Mr Raymond Lei and students from Ngee Ann Polytechnic doing a TikTok dance together.
Photo Credit: Vivian Goh

When Mr Raymond Lei appeared in Ngee Ann Poly campus on May 12, scores of students rushed down to catch a glimpse of the overnight TikTok sensation and danced with him for his TikTok channel, which now has 30,000 followers (and counting)

The Guangdong native shot to fame in Singapore after he posted a 15-second clip, featuring him and his friend Lily dancing to Tanja Thomas’s “One Way Ticket (To The Blues)” at a bus stop. Their quirky dance has clocked 1.6 million views (and counting). 

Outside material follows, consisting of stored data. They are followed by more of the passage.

(* Let $n\ge4$ and let $\eta$ be a homogeneous integrable 2-form of degree one on $\mathbb{C}^n$ with $d\eta\not\equiv0$. Then there exist linear coordinates $(x_1,\dots,x_n)$ on $\mathbb{C}^n$ such that $d\eta=dx_1\wedge dx_2\wedge dx_3$ and $\eta=\sum_{1\le i<j\le3}B_{ij}(x_1,x_2,x_3)\,dx_i\wedge dx_j$, where the $B_{ij}$ are linear forms depending only on $x_1,x_2,x_3$; more precisely $\eta=x_1\,dx_2\wedge dx_3+d\alpha$ with $\alpha=\sum_{j=1}^3A_j(x_1,x_2,x_3)\,dx_j$, $A_j$ homogeneous quadratic polynomials.
   Context: A form is homogeneous of degree $m$ if its coefficients (in linear coordinates) are homogeneous polynomials of degree $m$. A holomorphic $q$-form $\eta$ is integrable if every point $p$ outside its zero set has a neighborhood $V$ with holomorphic 1-forms $\omega_1,\dots,\omega_q$ on $V$ such that $\eta|_V=\omega_1\wedge\cdots\wedge\omega_q$ and $d\omega_j\wedge\eta=0$ for all $j$. *)

From Stdlib Require Import Reals Lra Lia.

Definition Cx := (R * R)%type.
Definition C0 : Cx := (0%R, 0%R).
Definition Cadd (x y : Cx) : Cx := (fst x + fst y, snd x + snd y)%R.
Definition Copp (x : Cx) : Cx := (- fst x, - snd x)%R.
Definition Csub (x y : Cx) : Cx := Cadd x (Copp y).
Definition Cmul (x y : Cx) : Cx :=
  (fst x * fst y - snd x * snd y, fst x * snd y + snd x * fst y)%R.
Definition Cnorm (x : Cx) : R := sqrt (fst x ^ 2 + snd x ^ 2)%R.
Definition Cdelta (i j : nat) : Cx := if Nat.eqb i j then (1%R, 0%R) else C0.

Fixpoint Csum (n : nat) (f : nat -> Cx) : Cx :=
  match n with O => C0 | S m => Cadd (Csum m f) (f m) end.

(* A point of Cx^n is z : nat -> Cx; only the coordinates z 0, ..., z (n-1)
   are meaningful. *)
Definition Cn := nat -> Cx.

Fixpoint vnorm (n : nat) (z : Cn) : R :=
  match n with O => 0%R | S m => Rmax (vnorm m z) (Cnorm (z m)) end.

Definition vadd (z h : Cn) : Cn := fun i => Cadd (z i) (h i).
Definition vsub (z h : Cn) : Cn := fun i => Csub (z i) (h i).

Definition in_ball (n : nat) (p : Cn) (r : R) (z : Cn) : Prop :=
  (vnorm n (vsub z p) < r)%R.
Lemma separated_in_layer x y l : l < n3 -> vlayer x = l.+1 -> vlayer y != l.+1 ->
  ~~ at_anticell y l -> separated x y.
Proof.
move=> l_lt x_l y_l /existsPn y_anti; have [rows cols] := cell_rect l_lt.
have [s /andP[row_y col_y]] : exists s, (vrow y != (cell l s).1.+1) && (vcol y != (cell l s).2.+1).
  case: (boolP (vrow y == (cell l true).1.+1)) => [/eqP rt|rt].
    exists false; apply/andP; split; first by rewrite rt; apply/eqP => -[].
    by apply: contra (y_anti true) => /eqP cf; rewrite /anticell rt cf.
  case: (boolP (vcol y == (cell l true).2.+1)) => [/eqP ct|ct]; last by exists true; rewrite rt ct.
  exists false; apply/andP; split; last by rewrite ct; apply/eqP => -[].
  by apply: contra (y_anti false) => /eqP rf; rewrite /anticell rf ct.
have [row_v col_v layer_v] := pattern_vertexE s l_lt.
exists (pattern_vertex l s); first exact: pattern_vertex_in.
by rewrite !KadjE row_v col_v layer_v x_l eqxx !andbF row_y col_y y_l.
Qed.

He’s shared many more videos of him dancing in various parts of Singapore and the clips are always captioned “Thanks for meeting. Be happy.” This was a line he wrote on a piece of paper for a fan, and he’s since used it as his tagline. 

Who is Raymond?

In an interview with The UrbanWire, Mr Lei said he used to work as a general manager in the finance department of a Chinese company before he was head-hunted to work here in 1998. That’s when he got his English name, Raymond. He’s since settled down here as he loves the lifestyle, environment and even the hot and humid weather in Singapore. 

Mr Lei is married with two sons. Both sons have completed National Service and are Singaporeans.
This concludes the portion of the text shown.